В два часа позвонили мэру Ла-Ферте-Але, чтобы спросить, есть ли в городе какое-нибудь предприятие, использующее сейчас портландский цемент, и может ли он оказаться на дороге. Ответ получили только в три:
«Для реконструкции мельниц Эсона используется портландский цемент. Цементная пыль имеется на шоссе между Ла-Ферте-Але и Арпажоном».
Одна позиция завоевана. Известно, что машина проехала там; кроме того, несколько предметов эксперты унесли с собой — для более тщательного изучения в лаборатории.
Разложив карту, Мегрэ пометил все населенные пункты в районе, где могла проезжать машина, предупредил жандармерии и муниципалитеты.
В четыре он вышел из своего кабинета, решив допросить бродягу, которого не видел со вчерашнего дня и который находился в комнате предварительного заключения Сыскной полиции, расположенной под лестницей.

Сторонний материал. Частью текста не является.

Definition agree (D : seq 'I_n) (x x' : real) : bool :=
  [forall j, (j \in D) ==> (x' j == x j)].

Definition determinedb (t : nat -> nat) (B : nat) (x : real) (D : seq 'I_n) : bool :=
  [exists i : 'I_B.+1, (0 < i)%N &&
     [forall x' : real, agree D x x' ==> (t i <= ones x' < t i.+1)%N]].

(* Adaptive (deterministic) strategy: next test given the history of
   conducted tests with their outcomes; None = stop. *)
Definition strategy := seq ('I_n * bool) -> option 'I_n.

Fixpoint srun (t : nat -> nat) (B : nat) (S : strategy) (x : real) (fuel : nat)
  (hist : seq ('I_n * bool)) : seq ('I_n * bool) :=
  match fuel with
  | 0 => hist
  | f.+1 =>
    if determinedb t B x (map fst hist) then hist else
    match S hist with
    | None => hist
    | Some j => srun t B S x f (rcons hist (j, x j))
    end
  end.

(* run of strategy S on realization x (at most n tests are ever possible) *)
Definition run t B (S : strategy) (x : real) := srun t B S x n [::].

Definition valid_strategy t B (S : strategy) : Prop :=
  forall x : real, uniq (map fst (run t B S x)) /\
                   determinedb t B x (map fst (run t B S x)).

Definition scost (c : 'I_n -> R) t B (S : strategy) (x : real) : R :=
  \sum_(q <- run t B S x) c q.1.

Definition ecost (c p : 'I_n -> R) t B (S : strategy) : R :=
  \sum_(x : real) prob p x * scost c t B S x.

Definition is_optimal (c p : 'I_n -> R) t B (S : strategy) : Prop :=
  valid_strategy t B S /\
  forall S', valid_strategy t B S' -> ecost c p t B S <= ecost c p t B S'.

Variable k : nat.

Definition first_untested (s : seq 'I_n) (done : seq 'I_n) : option 'I_n :=
  ohead [seq j <- s | j \notin done].

(* A trace is a list of steps (h*, test conducted). *)
Definition rr_C (c : 'I_n -> R) (pre : seq ('I_k * 'I_n)) (h : 'I_k) : R :=
  \sum_(r <- pre | r.1 == h) c r.2.

Definition rr_step_ok (c : 'I_n -> R) t B (ords : 'I_k -> seq 'I_n)
  (alpha : 'I_k -> R) (x : real) (pre : seq ('I_k * 'I_n)) (q : 'I_k * 'I_n) : Prop :=
  let done := map snd pre in
  ~~ determinedb t B x done /\
  first_untested (ords q.1) done = Some q.2 /\
  forall (h' : 'I_k) (j' : 'I_n), first_untested (ords h') done = Some j' ->
     (rr_C c pre q.1 + c q.2) / alpha q.1 <= (rr_C c pre h' + c j') / alpha h'.

(* tr is a complete execution of RoundRobin(ords; alpha) on realization x
   (with some arbitrary tie-breaking). *)
Definition rr_run (c : 'I_n -> R) t B (ords : 'I_k -> seq 'I_n)
  (alpha : 'I_k -> R) (x : real) (tr : seq ('I_k * 'I_n)) : Prop :=
  (forall pre q suf, tr = pre ++ q :: suf -> rr_step_ok c t B ords alpha x pre q) /\
  determinedb t B x (map snd tr).

(* cost^{RR}_tau(ALG_h, I) for step tau (1-based) summed over tau = 1..tau1 *)
Definition rr_cost_upto (c : 'I_n -> R) (tr : seq ('I_k * 'I_n)) (tau1 : nat) (h : 'I_k) : R :=
  \sum_(r <- take tau1 tr | r.1 == h) c r.2.

End SSC.

Definition tau1_prop n k (t : nat -> nat) (i : nat) (x : real n)
  (tr : seq ('I_k * 'I_n)) (tau : nat) : bool :=
  let D := take tau (map snd tr) in
  (t i <= count (fun j => x j) D)%N || (n.+1 - t i.+1 <= count (fun j => ~~ x j) D)%N.

Definition is_tau1 n k t i (x : real n) (tr : seq ('I_k * 'I_n)) (tau1 : nat) : Prop :=
  tau1_prop t i x tr tau1 /\ forall tau, (tau < tau1)%N -> ~~ tau1_prop t i x tr tau.

(* The three algorithms indexed by 'I_3: 0 = fail, 1 = succ, 2 = ch. *)
Definition three (T : Type) (a b d : T) (h : 'I_3) : T :=
  match val h with 0 => a | 1 => b | _ => d end.

(* Fix a realization x with score i and consider a step of the round robin
   taken before tau_1, by algorithm h* = q.1 conducting test q.2 after the
   tests [pre].  The round-robin rule says that the normalized cumulative
   cost (C_{h*} + c_{q.2}) / alpha_{h*} is at most the corresponding quantity
   (C_ch + c_j) / alpha_ch for the next test j of the cheapest-first order.
   Every test conducted so far by ALG_ch lies among the first |pre| tests of
   its order, so C_ch + c_j is at most the cost of the |pre|+1 cheapest tests.
   Since tau_1 has not been reached, fewer than t_i successes and fewer than
   n+1-t_{i+1} failures have been seen, whereas any set of tests determining
   f(x) = i contains at least that many of each; hence OPT conducts more than
   |pre| distinct tests, and pays at least the |pre|+1 cheapest costs.
   Finally the cost of ALG_h up to tau_1 is its cumulative cost at its last
   step before tau_1, which is one of the steps just bounded. *)

From mathcomp Require Import all_boot all_order all_algebra.
From mathcomp Require Import zify.
Import Order.TTheory GRing.Theory Num.Theory.
Local Open Scope ring_scope.

Section FirstUntested.
Context {n : nat}.
Implicit Types (s D : seq 'I_n) (j : 'I_n).

Lemma first_untestedP {s D j} :
  first_untested s D = Some j -> (j \in s) && (j \notin D).
Proof.
rewrite /first_untested; case E: [seq j <- s | j \notin D] => [|a l] //= [<-].
have : a \in [seq j <- s | j \notin D] by rewrite E mem_head.
by rewrite mem_filter andbC.
Qed.

Lemma first_untested_exists {s D j} :
  j \in s -> j \notin D -> exists j', first_untested s D = Some j'.
Proof.
move=> js jD; rewrite /first_untested.
case E: [seq j <- s | j \notin D] => [|a l]; last by exists a.
have : j \in [seq j <- s | j \notin D] by rewrite mem_filter jD.
by rewrite E.
Qed.
Lemma continuous_tensor (a : 'rV[R]_m -> R) (b : R -> R) :
  continuous a -> (forall t, derivable b t 1) -> continuous (tensor a b).
Proof.
move=> ca db x; apply: (@continuousM _ _ (a \o rinit) (b \o rlast)).
  exact: continuous_comp (continuous_rinit x) (ca _).
apply: continuous_comp; first exact: coord_continuous.
exact/differentiable_continuous/derivable1_diffP.
Qed.

Lemma derive_tensor_widen (a : 'rV[R]_m -> R) (b : R -> R) x (j : 'I_m) :
  derivable a (rinit x) (ebasis j) ->
  derivable (tensor a b) x (ebasis (widen1 j)) /\
  derive (tensor a b) x (ebasis (widen1 j)) = b (rlast x) * derive a (rinit x) (ebasis j).
Proof.
move=> da.
have E : (fun h : R =>
      h^-1 *: ((tensor a b \o shift x) (h *: ebasis (widen1 j)) - tensor a b x)) =
    b (rlast x) \*: (fun h : R =>
      h^-1 *: ((a \o shift (rinit x)) (h *: ebasis j) - a (rinit x))).
  apply/funext => h; rewrite /tensor /= /shift rinit_shift_widen rlast_shift_widen.
  by rewrite /GRing.scale /=; ring.
split; last by rewrite /derive E limZl_tmp.
rewrite /derivable E; apply/cvg_ex.
by exists (b (rlast x) *: derive a (rinit x) (ebasis j)); exact: cvgZl_tmp.
Qed.

Lemma derive_tensor_max (a : 'rV[R]_m -> R) (b : R -> R) x :
  derivable b (rlast x) 1 ->
  derivable (tensor a b) x (ebasis ord_max) /\
  derive (tensor a b) x (ebasis ord_max) = a (rinit x) * derive1 b (rlast x).
Proof.
move=> db.
have E : (fun h : R =>
      h^-1 *: ((tensor a b \o shift x) (h *: ebasis ord_max) - tensor a b x)) =
    a (rinit x) \*: (fun h : R =>
      h^-1 *: ((b \o shift (rlast x)) (h *: 1) - b (rlast x))).
  apply/funext => h; rewrite /tensor /= /shift rinit_shift_max rlast_shift_max.
  by rewrite /GRing.scale /= mulr1; ring.
split; last by rewrite derive1E /derive E limZl_tmp.
rewrite /derivable E; apply/cvg_ex.
by exists (a (rinit x) *: derive b (rlast x) 1); exact: cvgZl_tmp.
Qed.

Lemma smooth_tensor (a : 'rV[R]_m -> R) (b : R -> R) :
  smooth a -> smooth1 b -> smooth (tensor a b).
Proof.
move=> sa sb; apply: (smooth_of_partial_closed
  (fun f => exists a b, [/\ smooth a, smooth1 b & f = tensor a b])); last by exists a, b.
move=> _ [{sa sb}a [{}b [sa sb ->]]]; have db := smooth1_derivable sb.
split; first exact: continuous_tensor (smooth_continuous sa) db.
- move=> i x; case: (widen1_or_max i) => [[j ->]|->].
  + exact: (derive_tensor_widen a b x j (smooth_derivable sa j _)).1.
  + exact: (derive_tensor_max a b x (db _)).1.
- move=> i; case: (widen1_or_max i) => [[j ->]|->].
  + exists (partial j a), b; split => //; first exact: smooth_partial.
    apply/funext => y; rewrite /partial.
    by rewrite (derive_tensor_widen a b y j (smooth_derivable sa j _)).2 mulrC.
  + exists a, (derive1 b); split => //; first exact: smooth1_derive1.
    by apply/funext => y; rewrite /partial (derive_tensor_max a b y (db _)).2.
Qed.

Но пока он спускался, ему пришла в голову одна идея. Он вернулся к себе, чтобы позвонить в контору Бассо бухгалтеру.
— Алло! Говорят из полиции! Вы не скажете, какой банк вас обслуживает? Северный банк на бульваре Хауссман? Спасибо.
Он поехал в банк и представился директору. Пять минут спустя у Мегрэ была еще одна улика. В то самое утро, около десяти часов, Джеймс подошел к окошечку и получил триста тысяч франков по чеку, выданному Марселем Бассо. Чек был подписан четыре дня тому назад.
— Шеф! Тот тип внизу требует вас к себе. Кажется, он собирается сообщить вам нечто важное.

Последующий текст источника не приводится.